These exercises are part of a Perl course taught at CNTS - Computational Linguistics at the University of Antwerp.

If you are a course participant, please send the solutions to these exercises to before or on Wednesday February 24, 2000. Note that the only the first three exercises are obligatory. When you submit your results, please include the Perl code you have written, the result of at least one test and the answers to the questions mentioned in the exercise.

Exercise 3.1

Rot13 is an encryption method in which each of the 26 characters a-z is replaced by the character 13 places ahead or 13 places back in the alphabet. Write a program that reads a texts and outputs the rot13 equivalent. Example:

   Enter a text, line by line.
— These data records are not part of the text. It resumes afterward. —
(* Let $0<p\leqslant q:=1-p$, and let $\tilde f(z)$ and $\tilde g(z)$ be entire functions satisfying \[ \tilde{f}(z)=(1-e^{-pz})\tilde{f}(pz) +e^{-pz}\tilde{f}(qz) +\tilde{g}(z), \] with $\tilde f(0)=\tilde g(0)=0$. Then $\tilde f$ is JS-admissible if and only if $\tilde g$ is JS-admissible.
   Context: An entire function $\tilde f$ is called JS-admissible if the following two conditions hold for $|z|\geqslant1$ (for some small $\varepsilon>0$ and some $\varepsilon'\in(0,1)$): (I) there exist $\alpha,\beta\in\mathbb{R}$ such that, uniformly for $|\arg(z)|\leqslant\varepsilon$, $\tilde f(z)=O\left(|z|^\alpha(\log_+|z|)^\beta\right)$, where $\log_+x:=\log(1+x)$; (O) uniformly for $\varepsilon\leqslant|\arg(z)|\leqslant\pi$, $e^z\tilde f(z)=O\left(e^{(1-\varepsilon')|z|}\right)$. *)

From Stdlib Require Import Reals.
From Coquelicot Require Import Coquelicot.
Open Scope R_scope.

Definition Cexp (w : C) : C :=
  (exp (fst w) * cos (snd w), exp (fst w) * sin (snd w)).

Definition entire (f : C -> C) : Prop :=
  forall z : C, @ex_derive C_AbsRing C_NormedModule f z.

(* |arg z| for z <> 0, with the principal argument arg z in (-pi, pi]:
   |arg z| = acos (Re z / |z|) in [0, pi]. *)
Definition abs_arg (z : C) : R := acos (fst z / Cmod z).

Definition log_plus (x : R) : R := ln (1 + x).

Definition JS_admissible (f : C -> C) : Prop :=
  exists (eps eps' : R), 0 < eps /\ 0 < eps' < 1 /\
    (* (I) *)
    (exists (alpha beta K : R),
       forall z : C, 1 <= Cmod z -> abs_arg z <= eps ->
         Cmod (f z) <= K * (Rpower (Cmod z) alpha * Rpower (log_plus (Cmod z)) beta)) /\
    (* (O) *)
    (exists K : R,
       forall z : C, 1 <= Cmod z -> eps <= abs_arg z <= PI ->
         Cmod (Cexp z * f z) <= K * exp ((1 - eps') * Cmod z)).

(* Conditions (I) and (O) together amount to one global bound
   |f z| <= K (|z|^N + exp ((1 - e)|z| - Re z)): the polynomial term governs the
   sector |arg z| <= eps and the exponential term, which is (O) divided by |e^z|,
   governs its complement; inside the unit disk f is bounded anyway.  This weight
   behaves well under the dilations z |-> p z, q z of the equation, the factor
   |e^(-pz)| = e^(-p Re z) being absorbed by its exponential part.  Hence a bound
   for f passes to g = f - (1 - e^(-pz)) f(pz) - e^(-pz) f(qz) directly.
   Conversely, for N large the dilated weights contract by 3/4 once |z| is large,
   so a bound for g propagates to f by induction along the scales q^k |z|,
   starting from a bound for the continuous function f on a disk. *)

From Stdlib Require Import Reals Lra Lia List Classical ClassicalEpsilon.
From Coquelicot Require Import Coquelicot.
Open Scope R_scope.

Lemma exp_le_exp x y : x <= y -> exp x <= exp y.
Proof. intros [Hlt | ->]; [left; now apply exp_increasing | lra]. Qed.

Lemma exp_le_one (x : R) : x <= 0 -> exp x <= 1.
Proof. intros Hx. rewrite <- exp_0. now apply exp_le_exp. Qed.

Lemma one_le_exp (x : R) : 0 <= x -> 1 <= exp x.
Proof. intros Hx. rewrite <- exp_0. now apply exp_le_exp. Qed.

Lemma exp_mult_le_exp_mult x1 x2 y1 y2 :
  x1 + x2 <= y1 + y2 -> exp x1 * exp x2 <= exp y1 * exp y2.
Proof. intros H; rewrite <- !exp_plus; now apply exp_le_exp. Qed.

Lemma exp_scale_le (s y : R) : 0 <= s <= 1 -> exp (s * y) <= 1 + exp y.
Proof.
  intros Hs. pose proof (exp_pos y).
  destruct (Rle_or_lt 0 y).
  - assert (exp (s * y) <= exp y) by (apply exp_le_exp; nra). lra.
  - assert (exp (s * y) <= 1) by (apply exp_le_one; nra). lra.
Qed.

Lemma pow_exp_bounded (N : nat) (a : R) : 0 < a ->
  exists C, 0 <= C /\ forall r, 0 <= r -> r ^ N * exp (- (a * r)) <= C.
Proof.
  intros Ha. set (n := INR N + 1).
  assert (Hn : 0 < n) by (pose proof (pos_INR N); unfold n; lra).
  assert (Hna : 0 < n / a) by (apply Rdiv_lt_0_compat; lra).
  exists ((n / a) ^ N). split; [apply pow_le; lra|].
  intros r Hr. set (t := a * r / n).
  assert (Ht : 0 <= t) by (apply Rmult_le_pos; [nra | apply Rlt_le, Rinv_0_lt_compat; lra]).
  assert (Hr_t : r = n / a * t) by (unfold t; field; lra).
  assert (Hpow : t ^ N <= exp t ^ N).
  { apply pow_incr. pose proof (exp_ineq1_le t). lra. }
  assert (Hexp : exp t ^ N * exp (- (a * r)) <= 1).
  { rewrite <- (Rpower_pow N (exp t)) by apply exp_pos.
    unfold Rpower. rewrite ln_exp, <- exp_plus.
    apply exp_le_one. pose proof (pos_INR N).
    replace (a * r) with (n * t) by (unfold t; field; lra). unfold n. nra. }
  rewrite Hr_t, Rpow_mult_distr, Rmult_assoc, <- Hr_t.
  rewrite <- (Rmult_1_r ((n / a) ^ N)) at 2.
  apply Rmult_le_compat_l; [apply pow_le; lra|].
  eapply Rle_trans; [|exact Hexp].
  apply Rmult_le_compat_r; [apply Rlt_le, exp_pos | exact Hpow].
Qed.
Finish with an empty line.
   > This text should be impossible to read
   > because it has been encrypted with a fine
   > encryption method.
   Guvf grkg fubhyq or vzcbffvoyr gb ernq
   orpnhfr vg unf orra rapelcgrq jvgu n svar
   rapelcgvba zrgubq.

Note that since rot13 is symmetric, the same program can be used both for encoding and decoding.

Exercise 3.2

Write a program that translates English text to text in some other language. It should at least be able to generate something reasonable for the words the, man, woman, boy, girl, telescope, sees, walks and with regardless of the context in which these words appear. Example:

   Enter a text, line by line. Finish with an empty line.
   > The man sees the boy.
   > The woman walks with the girl
   de man ziet de jongen.
   de vrouw loopt met het meisje.

The program may not use lists.

Exercise 3.3

Make regular expressions for the following string descriptions:

  1. Strings containing only a's and b's.
  2. Strings that do not contain white space.
  3. Strings with exactly one word regardless of white space.
  4. Strings that end with the same character they start with.
  5. Like 1. but the number of a's should be even.
  6. Any string.
  7. No string, not even the empty string.

You can test the expressions by putting them in a small program which tests whether an input string matches the expression or not.

Exercise 3.4*

Write a program that asks ten questions, reads the answers and shows the number of answers that were right. The questions should be like: Please enter n things in which n is an arbitrary number from 1 to 10 and things is one of the three words dollars, stars or commas. The questions should be chosen arbitrarily by the program. Example:

    1. Please enter 3 dollars: $$$
    2. Please enter 7 stars: ******
   You have 7 correct answers on 10 questions.

Hint: Use the function rand.

Exercise 3.5*

Write a word tokenizer: a program which reads a text and outputs its words in the order that they appear in the text. Example:

   Enter a text, line by line. Finish with an empty line.
   > In a drive-in I saw R2D2(TM). Funny, isn't it?

Test your program with as many problematic cases as you can think of.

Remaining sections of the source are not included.